Even with an Accord 2.0 to bring in the full post-liberalism platform driven by as talented a politician as Hawke, could it ever work? Can you imagine the AMA and/or nurses union having final say on policy in a privatised health system? How would the vice-chancellors committee and/or teachers union maintain control over a decentralised education industry? Can we trust the banks to police themselves? (Hint on that last one: no.)

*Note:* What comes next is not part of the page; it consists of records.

Lemma sum_rfunV_powR_box N tau :
  \sum_(k : {ffun 'I_d -> option (bool * 'I_N)}) (r (intv_of_box k))^-1 `^ tau
  = \sum_(U : {set 'I_d}) gamma (toN U) `^ tau
      * (2 * \sum_(i < N) (i.+1%:R : R) `^ (- (alpha * tau))) ^+ #|U|.
Proof.
pose w (t : option (bool * 'I_N)) : R := (`|int_of_box t|%N%:R) `^ (- (alpha * tau)).
rewrite -(sum_int_of_box N (fun n => n%:R `^ (- (alpha * tau)))).
rewrite -(sum_ffun_supp None (fun U => gamma (toN U) `^ tau) w).
apply: eq_bigr => k _; rewrite rfunV_powR /supp.
have -> : [set j | intv_of_box k j != 0] = [set j | k j != None].
  by apply/setP => j; rewrite !inE ffunE int_of_box_eq0.
by congr (_ * _); apply: eq_big => [j | j _]; rewrite ffunE ?int_of_box_eq0.
Qed.

Lemma sum_rfunV_powR_le (Y : seq {ffun 'I_d -> int}) tau :
  1 < alpha * tau -> uniq Y ->
  \sum_(h <- Y) (r h)^-1 `^ tau
  <= \sum_(U : {set 'I_d}) gamma (toN U) `^ tau * (2 * zeta (alpha * tau)) ^+ #|U|.
Proof.
move=> at1 uY; pose N := \max_(h <- Y) \max_j `|h j|%N.
pose box := map (@intv_of_box d N) (enum {ffun 'I_d -> option (bool * 'I_N)}).
have Y_box : {subset Y <= box}.
  move=> h hY; have [|k <-] := @intv_of_box_onto d N h; last exact: map_f (mem_enum _ _).
  by move=> j; apply: leq_trans (leq_bigmax_seq _ hY isT); exact: leq_bigmax.
have u_box : uniq box by rewrite map_inj_uniq ?enum_uniq //; exact: intv_of_box_inj.
apply: le_trans (ler_sum_uniq_sub uY u_box Y_box (fun h => powR_ge0 _ _)) _.
rewrite big_map big_enum /= sum_rfunV_powR_box; apply: ler_sum => U _.
have sum_ge0 : 0 <= \sum_(i < N) (i.+1%:R : R) `^ (- (alpha * tau)).
  by apply: sumr_ge0 => i _; exact: powR_ge0.
have sum_le := sum_powRN_le_zeta N at1.
rewrite ler_wpM2l ?powR_ge0 // lerXn2r ?nnegrE ?ler_pM2l //.
  by rewrite mulr_ge0.
by rewrite mulr_ge0 // (le_trans sum_ge0).
Qed.
End Rfun.

Section Young.
Variable R : realType.

Lemma young_affine (S c y tau : R) : 0 <= S -> 0 < c -> 0 <= y -> 0 < tau < 1 ->
  S * y `^ tau <= c + tau * c `^ ((tau - 1) / tau) * S `^ (1 / tau) * y.
Proof.
move=> S0 c0 y0 /andP[t0 t1]; have t1' : 0 < 1 - tau by rewrite subr_gt0.
have := @conjugate_powR R (S * y `^ tau * c `^ (tau - 1)) (c `^ (1 - tau))
  (1 / tau) (1 / (1 - tau)).
rewrite !mulr_ge0 ?powR_ge0 ?divr_gt0 // !invf_div !divr1 subrKC.
move=> /(_ isT isT isT isT erefl); rewrite -mulrA -gt0_powRD //.
have -> : tau - 1 + (1 - tau) = 0 by ring.
rewrite powRr0 mulr1.
have -> : (c `^ (1 - tau)) `^ (1 / (1 - tau)) = c.
  by rewrite -powRrM div1r mulfV ?lt0r_neq0 // powRr1 // ltW.
have -> : (S * y `^ tau * c `^ (tau - 1)) `^ (1 / tau)
    = S `^ (1 / tau) * y * c `^ ((tau - 1) / tau).
  by rewrite !powRM ?mulr_ge0 ?powR_ge0 // -!powRrM !div1r mulfV ?lt0r_neq0 // powRr1.
move=> /le_trans; apply; rewrite addrC lerD ?ger_pMr ?gerBl ?(ltW t0) //.
by rewrite [leRHS](_ : _ = S `^ (1 / tau) * y * c `^ ((tau - 1) / tau) * tau) //; ring.
Qed.

Lemma young_tail_bound (M S c alpha tau : R) :
  0 < M -> 0 <= S -> 0 < c -> 0 < alpha -> 0 < tau < 1 ->
  M `^ (tau - 1) * S - c * M `^ (alpha^-1 - 1)
  <= c `^ ((tau - 1) / tau) * (tau / (1 - tau)) * S `^ (1 / tau)
     * M `^ (- ((1 - tau) / (alpha * tau))).
Proof.
move=> M0 S0 c0 a0 t01; have /andP[t0 t1] := t01.
set y := M `^ (1 - (alpha * tau)^-1); set m := M `^ (alpha^-1 - 1).
set C := c `^ ((tau - 1) / tau) * S `^ (1 / tau).
have Ey : y `^ tau * m = M `^ (tau - 1).
  by rewrite -powRrM -gt0_powRD //; congr (M `^ _); field; rewrite !lt0r_neq0.
have Ez : y * m = M `^ (- ((1 - tau) / (alpha * tau))).
  by rewrite -gt0_powRD //; congr (M `^ _); field; rewrite !lt0r_neq0.
rewrite -Ey -Ez (@le_trans _ _ (tau * C * (y * m))) //.
  have := young_affine S0 c0 (powR_ge0 M (1 - (alpha * tau)^-1)) t01.
  by move=> /(ler_wpM2r (powR_ge0 M (alpha^-1 - 1))); rewrite -/y -/m lerBlDl /C; lra.
rewrite -mulrA [leRHS](_ : _ = tau / (1 - tau) * (C * (y * m))); last by rewrite /C; ring.
by rewrite ler_wpM2r ?mulr_ge0 ?powR_ge0 // ler_pdivlMr ?subr_gt0 // ler_piMr ?gerBl ?ltW.
Qed.
End Young.

Definition axis_point {d : nat} (k : nat) : {ffun 'I_d.+1 -> int} :=
  [ffun j => if j == ord0 then k%:Z else 0].

Lemma axis_point_inj d : injective (@axis_point d).
Proof. by move=> k k' /ffunP /(_ ord0); rewrite !ffunE eqxx => -[]. Qed.

Lemma toN0 d : toN (finset.set0 : {set 'I_d}) = fset0.
Proof. by apply/fsetP => n; rewrite inE; apply/imfsetP => -[j]; rewrite /= enum_set0. Qed.

Lemma toN1 d : toN [set ord0 : 'I_d.+1] = [fset 1%N]%fset.
Proof.
apply/fsetP => n; rewrite inE; apply/imfsetP/eqP => [[j]|->].
  by rewrite /= enum_set1 inE => /eqP -> ->.
by exists ord0; rewrite //= enum_set1 inE.
Qed.

Section Tail.
Variables (R : realType) (d : nat) (alpha : R) (gamma : {fset nat} -> R) (M tau : R).
Hypotheses (gamma_gt0 : forall u, 0 < gamma u) (gamma0 : gamma fset0 = 1).
Hypotheses (alpha_gt0 : 0 < alpha) (M_ge1 : 1 <= M).
Hypotheses (tau_lt1 : tau < 1) (alpha_tau_gt1 : 1 < alpha * tau).
Local Notation r := (@rfun R d.+1 alpha gamma).
Local Notation gamma1 := (gamma [fset 1%N]%fset).
Local Notation S :=
  (\sum_(U : {set 'I_d.+1}) gamma (toN U) `^ tau * (2 * zeta (alpha * tau)) ^+ #|U|).

Let M_gt0 : 0 < M. Proof. exact: lt_le_trans ltr01 M_ge1. Qed.
Let tau_gt0 : 0 < tau. Proof. by rewrite -(pmulr_rgt0 _ alpha_gt0) (lt_trans ltr01). Qed.

Lemma rfun_axis_point_le k : k%:R <= (M * gamma1) `^ alpha^-1 -> r (axis_point k) <= M.
Proof.
case: k => [_|k kx].
  rewrite /rfun /supp (_ : [set j | _] = finset.set0); last first.
    by apply/setP => j; rewrite !inE ffunE; case: ifP.
  by rewrite toN0 gamma0 invr1 mul1r big_pred0 // => j; rewrite ffunE; case: ifP.
rewrite /rfun /supp (_ : [set j | _] = [set ord0]); last first.
  by apply/setP => j; rewrite !inE ffunE; case: ifP.
rewrite toN1 (big_pred1 ord0) => [|j]; last by rewrite /= ffunE; case: ifP.
rewrite ffunE eqxx mulrC -ler_pdivlMr ?invr_gt0 // invrK.
apply: le_trans (ge0_ler_powR (ltW alpha_gt0) _ _ kx) _; rewrite ?nnegrE ?powR_ge0 //.
by rewrite -powRrM mulVf ?lt0r_neq0 // powRr1 // mulr_ge0 // ltW.
Qed.

Lemma sum_tail_powR_le (X : seq {ffun 'I_d.+1 -> int}) :
  uniq X -> (forall h, h \in X -> M < r h) ->
  \sum_(h <- X) (r h)^-1 `^ tau
    + (Num.truncn ((M * gamma1) `^ alpha^-1)).+1%:R * M^-1 `^ tau <= S.
Proof.
move=> uX XM; set K := (Num.truncn _).+1.
pose head := map (@axis_point d) (iota 0 K).
have head_le h : h \in head -> r h <= M.
  case/mapP => k; rewrite mem_iota add0n => /andP[_ kK] ->.
  by apply: rfun_axis_point_le; rewrite -truncn_ge_nat ?powR_ge0.
have u_head : uniq (X ++ head).
  rewrite cat_uniq uX map_inj_uniq ?iota_uniq ?andbT; last exact: axis_point_inj.
  by apply/hasPn => h /head_le; apply: contraTN => /XM; rewrite -ltNge.
apply: le_trans (sum_rfunV_powR_le gamma_gt0 alpha_tau_gt1 u_head).
rewrite big_cat lerD2l big_map.
have -> : iota 0 K = index_iota 0 K by rewrite /index_iota subn0.
rewrite mulr_natl -{1}(subn0 K) -sumr_const_nat; apply: ler_sum_nat => k kK.
rewrite ge0_ler_powR ?nnegrE ?invr_ge0 ?(ltW (rfun_gt0 _ _ _)) ?(ltW M_gt0) ?(ltW tau_gt0) //.
by rewrite lef_pV2 ?posrE ?rfun_gt0 // head_le // map_f // mem_iota.
Qed.

Lemma sum_tail_le (X : seq {ffun 'I_d.+1 -> int}) :
  uniq X -> (forall h, h \in X -> M < r h) ->
  \sum_(h <- X) (r h)^-1 <= M `^ (tau - 1) * S - gamma1 `^ alpha^-1 * M `^ (alpha^-1 - 1).
Proof.
move=> uX XM; have := sum_tail_powR_le uX XM.
set K := (Num.truncn _).+1; rewrite -lerBrDr => XS.
apply: le_trans (_ : _ <= M `^ (tau - 1) * (S - K%:R * M^-1 `^ tau)) _.
  apply: le_trans (ler_wpM2l (powR_ge0 _ _) XS); rewrite mulr_sumr big_seq [leRHS]big_seq.
  apply: ler_sum => h hX; apply: self_le_powR_mul; rewrite ?invr_gt0 ?rfun_gt0 ?ltW //.
  by rewrite ltf_pV2 ?posrE ?rfun_gt0 ?XM.
have eM : M `^ (tau - 1) * M^-1 `^ tau = M^-1.
  by rewrite powRV ?(ltW M_gt0) // -gt0_powRD // addrAC subrr add0r powR_inv1 // ltW.
have eG : gamma1 `^ alpha^-1 * M `^ (alpha^-1 - 1) = (M * gamma1) `^ alpha^-1 * M^-1.
  by rewrite powRM ?ltW // gt0_powRD // powR_inv1 ?ltW //; ring.
rewrite mulrBr lerD2l lerN2 mulrCA eM eG ler_wpM2r ?invr_ge0 ?(ltW M_gt0) //.
exact/ltW/truncnS_gt.
Qed.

Post-liberalism correctly identifies a disconnect between the populace and political elites, which is why modern politics is a war between populists and elitists. Its solution is to wave hands in magical fashion to imagine an agreement between the populace and the elites, whereby the elites promise to be good and the populace have to accept their word. Post-liberalism requires the removal of the coercive power of the state to fix public institutions. This is a very English construction: expecting the peerage, OBEs and GCMGs to act on behalf of the people, without any direct accountability apart from public shaming. I would have thought this line of thinking was laughable ever since Yes Minister, because political elites have lost pretty much all of the shame they once had. That might not quite be true in Britain even at this late stage as their elites still maintain some vestige of knightly commitment to service, but the trends are not good and one should not base a political philosophy on it.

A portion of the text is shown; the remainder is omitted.